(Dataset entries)
(* For all formulas $\alpha,\beta$, the following hold in ${\bf Km}$: (i) $\Box \alpha, \Diamond \alpha, \Diamond \neg \beta \vdash_{\bf Km} \Diamond \neg (\alpha \to \beta)$; (ii) $\Diamond \alpha, \Box \neg \beta, \Diamond \neg \beta \vdash_{\bf Km} \Diamond \neg (\alpha \to \beta)$; (iii) $\Box \alpha, \Diamond \alpha, \Box \neg \beta \vdash_{\bf Km} \Box \neg(\alpha \to \beta)$; (iv) $\Diamond \alpha, \Diamond \beta \vdash_{\bf Km} \Diamond(\alpha \to \beta)$; (v) $\Diamond \neg \alpha, \Diamond \beta \vdash_{\bf Km} \Diamond(\alpha \to \beta)$; (vi) $\Diamond \neg \alpha, \Diamond \neg \beta \vdash_{\bf Km} \Diamond(\alpha \to \beta)$.
   Context: Formulas are built from a denumerable set of propositional variables by the unary connectives $\neg$, $\Box$ and the binary connective $\to$; $For$ is the set of all formulas. Abbreviations: $\Diamond\alpha:=\neg\Box\neg\alpha$, $\alpha\vee\beta:=\neg\alpha\to\beta$, $\alpha\wedge\beta:=\neg(\alpha\to\neg\beta)$. ${\bf Km}$ is the Hilbert calculus whose axioms are all instances (over $For$) of the axiom schemas of a standard Hilbert calculus for classical propositional logic in the signature $\{\neg,\to\}$, plus all instances of: (K') $\Diamond\alpha\to(\Box(\alpha\to\beta)\to(\Box\alpha\to\Box\beta))$; (K1') $\Diamond\neg\beta\to(\Box(\alpha\to\beta)\to(\Diamond\alpha\to\Diamond\beta))$; (K2') $\Diamond\alpha\to(\Diamond(\alpha\to\beta)\to(\Box\alpha\to\Diamond\beta))$; (M3') $(\Diamond\alpha\vee\Diamond\neg\alpha)\to(\Diamond\beta\to\Diamond(\alpha\to\beta))$; (M4') $\Diamond\neg\beta\to(\Diamond\neg\alpha\to\Diamond(\alpha\to\beta))$; (I1) $(\Box\alpha\wedge\Box\neg\alpha)\to(\Box(\alpha\to\beta)\wedge\Box\neg(\alpha\to\beta))$; (I2) $(\Box\beta\wedge\Box\neg\beta)\to(\Box(\alpha\to\beta)\wedge\Box\neg(\alpha\to\beta))$; (M1) $\neg\Diamond\alpha\to\Box(\alpha\to\beta)$; (M2) $\Box\beta\to\Box(\alpha\to\beta)$; (DN1) $\Box\alpha\to\Box\neg\neg\alpha$; (DN2) $\Box\neg\neg\alpha\to\Box\alpha$. Modus ponens is the only rule; $\Gamma\vdash_{\bf Km}\alpha$ means there is a derivation of $\alpha$ from $\Gamma$. *)

From Stdlib Require Import List.
Import ListNotations.

Inductive For : Type :=
| Var : nat -> For
| Neg : For -> For
| Box : For -> For
| Imp : For -> For -> For.

Definition Dia (a : For) : For := Neg (Box (Neg a)).
Definition Or (a b : For) : For := Imp (Neg a) b.
Definition And (a b : For) : For := Neg (Imp a (Neg b)).

(* Axioms of Km: a standard Hilbert calculus for CPL in {neg, ->}
   (Lukasiewicz/Mendelson-style A1-A3) plus the modal schemas. *)
Inductive KmAxiom : For -> Prop :=
| Ax1 a b : KmAxiom (Imp a (Imp b a))
| Ax2 a b c : KmAxiom (Imp (Imp a (Imp b c)) (Imp (Imp a b) (Imp a c)))
| Ax3 a b : KmAxiom (Imp (Imp (Neg a) (Neg b)) (Imp b a))
| AxK' a b : KmAxiom (Imp (Dia a) (Imp (Box (Imp a b)) (Imp (Box a) (Box b))))
| AxK1' a b : KmAxiom (Imp (Dia (Neg b)) (Imp (Box (Imp a b)) (Imp (Dia a) (Dia b))))
| AxK2' a b : KmAxiom (Imp (Dia a) (Imp (Dia (Imp a b)) (Imp (Box a) (Dia b))))
| AxM3' a b : KmAxiom (Imp (Or (Dia a) (Dia (Neg a))) (Imp (Dia b) (Dia (Imp a b))))
| AxM4' a b : KmAxiom (Imp (Dia (Neg b)) (Imp (Dia (Neg a)) (Dia (Imp a b))))
| AxI1 a b : KmAxiom (Imp (And (Box a) (Box (Neg a)))
                          (And (Box (Imp a b)) (Box (Neg (Imp a b)))))
| AxI2 a b : KmAxiom (Imp (And (Box b) (Box (Neg b)))
                          (And (Box (Imp a b)) (Box (Neg (Imp a b)))))
| AxM1 a b : KmAxiom (Imp (Neg (Dia a)) (Box (Imp a b)))
| AxM2 a b : KmAxiom (Imp (Box b) (Box (Imp a b)))
| AxDN1 a : KmAxiom (Imp (Box a) (Box (Neg (Neg a))))
| AxDN2 a : KmAxiom (Imp (Box (Neg (Neg a))) (Box a)).

Inductive Km_derives (Gamma : For -> Prop) : For -> Prop :=
| D_hyp a : Gamma a -> Km_derives Gamma a
| D_ax a : KmAxiom a -> Km_derives Gamma a
| D_mp a b : Km_derives Gamma (Imp a b) -> Km_derives Gamma a -> Km_derives Gamma b.

Definition premises (l : list For) : For -> Prop := fun a => In a l.

(* Each item is one modal axiom of Km applied by modus ponens.  Items (iv)-(vi)
   are instances of M3' and M4'; items (i)-(iii) argue by contradiction:
   assuming the negated conclusion, K', K1' or K2' (with DN1/DN2 to move
   double negations under the box) yields a formula whose negation is a
   premise. *)

From Stdlib Require Import List.
Import ListNotations.

Definition add_premise (G : For -> Prop) (a : For) : For -> Prop :=
  fun x => x = a \/ G x.

Lemma Km_weaken (G D : For -> Prop) f :
  (forall x, G x -> D x) -> Km_derives G f -> Km_derives D f.
Proof.
  intros GD d; induction d.
  - apply D_hyp; auto.
  - apply D_ax; auto.
  - eapply D_mp; eauto.
Qed.

Lemma Km_lift G a f : Km_derives G f -> Km_derives (add_premise G a) f.
Proof. apply Km_weaken; intros; right; assumption. Qed.

Lemma Km_assumption G a : Km_derives (add_premise G a) a.
Proof. apply D_hyp; left; reflexivity. Qed.

Lemma Km_mp2 G a b c :
  Km_derives G (Imp a (Imp b c)) -> Km_derives G a -> Km_derives G b ->
  Km_derives G c.
Proof. intros dabc da db; eapply D_mp; [eapply D_mp|]; eassumption. Qed.

Lemma Km_mp3 G a b c d :
  Km_derives G (Imp a (Imp b (Imp c d))) ->
  Km_derives G a -> Km_derives G b -> Km_derives G c -> Km_derives G d.
Proof. intros dabcd da db dc; eapply D_mp; [eapply Km_mp2|]; eassumption. Qed.

Lemma Km_imp_refl G a : Km_derives G (Imp a a).
Proof.
  eapply Km_mp2; [apply D_ax, (Ax2 a (Imp a a) a) | apply D_ax, Ax1 ..].
Qed.

Lemma Km_deduction G a b :
  Km_derives (add_premise G a) b -> Km_derives G (Imp a b).
Proof.
  intro d; induction d as [x [-> | Gx] | x ax | x y _ IHxy _ IHx].
  - apply Km_imp_refl.
  - eapply D_mp; [apply D_ax, Ax1 | apply D_hyp; exact Gx].
  - eapply D_mp; [apply D_ax, Ax1 | apply D_ax; exact ax].
  - eapply Km_mp2; [apply D_ax, Ax2 | exact IHxy | exact IHx].
Qed.

Lemma Km_neg_imp G x y : Km_derives G (Imp (Neg x) (Imp x y)).
Proof.
  apply Km_deduction, Km_deduction.
  eapply Km_mp2; [apply D_ax, (Ax3 y x) | | apply Km_assumption].
  eapply D_mp; [apply D_ax, Ax1 | apply Km_lift, Km_assumption].
Qed.

Lemma Km_dne G x : Km_derives G (Imp (Neg (Neg x)) x).
Proof.
  apply Km_deduction.
  eapply Km_mp2; [apply D_ax, (Ax3 x (Neg (Neg x))) | | apply Km_assumption].
  eapply D_mp; [apply Km_neg_imp | apply Km_assumption].
Qed.

Lemma Km_reductio G x y :
  Km_derives (add_premise G x) y -> Km_derives (add_premise G x) (Neg y) ->
  Km_derives G (Neg x).
Proof.
  intros dy dny.
  (* Ax3 turns ~~x -> ~(x -> x) into (x -> x) -> ~x. *)
  assert (dx : Km_derives (add_premise G (Neg (Neg x))) x).
  { eapply D_mp; [apply Km_dne | apply Km_assumption]. }
  assert (absurd : Km_derives G (Imp (Neg (Neg x)) (Neg (Imp x x)))).
  { apply Km_deduction.
    eapply Km_mp2; [apply Km_neg_imp | |].
    - eapply D_mp; [apply Km_lift, Km_deduction, dny | exact dx].
    - eapply D_mp; [apply Km_lift, Km_deduction, dy | exact dx]. }
  eapply Km_mp2; [apply D_ax, (Ax3 (Neg x) (Imp x x)) | exact absurd |].
  apply Km_imp_refl.
Qed.

Lemma Km_or_introl G x y : Km_derives G x -> Km_derives G (Or x y).
Proof.
  intro dx; apply Km_deduction.
  eapply Km_mp2; [apply Km_neg_imp | apply Km_assumption | apply Km_lift, dx].
Qed.

Lemma Km_or_intror G x y : Km_derives G y -> Km_derives G (Or x y).
Proof. intro dy; eapply D_mp; [apply D_ax, Ax1 | exact dy]. Qed.


Section DerivedRules.

Variables (G : For -> Prop) (a b : For).

Lemma Km_dia_neg_imp_of_box_dia :
  Km_derives G (Box a) -> Km_derives G (Dia a) -> Km_derives G (Dia (Neg b)) ->
  Km_derives G (Dia (Neg (Imp a b))).
Proof.
  intros dBa dDa dDnb.
  apply (Km_reductio _ _ (Box (Neg (Neg b)))); [| apply Km_lift, dDnb].
  eapply D_mp; [apply D_ax, AxDN1 |].
  eapply Km_mp3; [apply D_ax, (AxK' a b) | apply Km_lift, dDa | | apply Km_lift, dBa].
  eapply D_mp; [apply D_ax, AxDN2 | apply Km_assumption].
Qed.

Lemma Km_dia_neg_imp_of_box_neg :
  Km_derives G (Dia a) -> Km_derives G (Box (Neg b)) -> Km_derives G (Dia (Neg b)) ->
  Km_derives G (Dia (Neg (Imp a b))).
Proof.
  intros dDa dBnb dDnb.
  apply (Km_reductio _ _ (Box (Neg b))); [apply Km_lift, dBnb |].
  eapply Km_mp3; [apply D_ax, (AxK1' a b) | apply Km_lift, dDnb | | apply Km_lift, dDa].
  eapply D_mp; [apply D_ax, AxDN2 | apply Km_assumption].
Qed.

Lemma Km_box_neg_imp :
  Km_derives G (Box a) -> Km_derives G (Dia a) -> Km_derives G (Box (Neg b)) ->
  Km_derives G (Box (Neg (Imp a b))).
Proof.
  intros dBa dDa dBnb.
  eapply D_mp; [apply Km_dne |].
  apply (Km_reductio _ _ (Box (Neg b))); [apply Km_lift, dBnb |].
  eapply Km_mp3; [apply D_ax, (AxK2' a b) | apply Km_lift, dDa | apply Km_assumption
                 | apply Km_lift, dBa].
Qed.

Lemma Km_dia_imp_of_dia :
  Km_derives G (Dia a) -> Km_derives G (Dia b) -> Km_derives G (Dia (Imp a b)).
Proof.
  intros dDa dDb.
  eapply Km_mp2; [apply D_ax, AxM3' | apply Km_or_introl, dDa | exact dDb].
Qed.

Lemma Km_dia_imp_of_dia_neg_dia :
  Km_derives G (Dia (Neg a)) -> Km_derives G (Dia b) -> Km_derives G (Dia (Imp a b)).
Proof.
  intros dDna dDb.
  eapply Km_mp2; [apply D_ax, AxM3' | apply Km_or_intror, dDna | exact dDb].
Qed.

Lemma Km_dia_imp_of_dia_neg :
  Km_derives G (Dia (Neg a)) -> Km_derives G (Dia (Neg b)) ->
  Km_derives G (Dia (Imp a b)).
Proof. intros dDna dDnb; eapply Km_mp2; [apply D_ax, AxM4' | exact dDnb | exact dDna]. Qed.

End DerivedRules.

Theorem mainTheorem19 : forall a b : For,
  Km_derives (premises [Box a; Dia a; Dia (Neg b)]) (Dia (Neg (Imp a b))) /\
  Km_derives (premises [Dia a; Box (Neg b); Dia (Neg b)]) (Dia (Neg (Imp a b))) /\
  Km_derives (premises [Box a; Dia a; Box (Neg b)]) (Box (Neg (Imp a b))) /\
  Km_derives (premises [Dia a; Dia b]) (Dia (Imp a b)) /\
  Km_derives (premises [Dia (Neg a); Dia b]) (Dia (Imp a b)) /\
  Km_derives (premises [Dia (Neg a); Dia (Neg b)]) (Dia (Imp a b)).
Proof.
  intros a b; repeat split;
    [ apply Km_dia_neg_imp_of_box_dia | apply Km_dia_neg_imp_of_box_neg
    | apply Km_box_neg_imp | apply Km_dia_imp_of_dia
    | apply Km_dia_imp_of_dia_neg_dia | apply Km_dia_imp_of_dia_neg ];
    apply D_hyp; simpl; tauto.
Qed.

--- What to do ---
Please copy the lines in the records above between the one holding "(* Ax3 turns" and the one holding "intro dx; apply Km_deduction.", inclusive, exactly and with no other line.

--- Answer to this task ---
  (* Ax3 turns ~~x -> ~(x -> x) into (x -> x) -> ~x. *)
  assert (dx : Km_derives (add_premise G (Neg (Neg x))) x).
  { eapply D_mp; [apply Km_dne | apply Km_assumption]. }
  assert (absurd : Km_derives G (Imp (Neg (Neg x)) (Neg (Imp x x)))).
  { apply Km_deduction.
    eapply Km_mp2; [apply Km_neg_imp | |].
    - eapply D_mp; [apply Km_lift, Km_deduction, dny | exact dx].
    - eapply D_mp; [apply Km_lift, Km_deduction, dy | exact dx]. }
  eapply Km_mp2; [apply D_ax, (Ax3 (Neg x) (Imp x x)) | exact absurd |].
  apply Km_imp_refl.
Qed.

Lemma Km_or_introl G x y : Km_derives G x -> Km_derives G (Or x y).
Proof.
  intro dx; apply Km_deduction.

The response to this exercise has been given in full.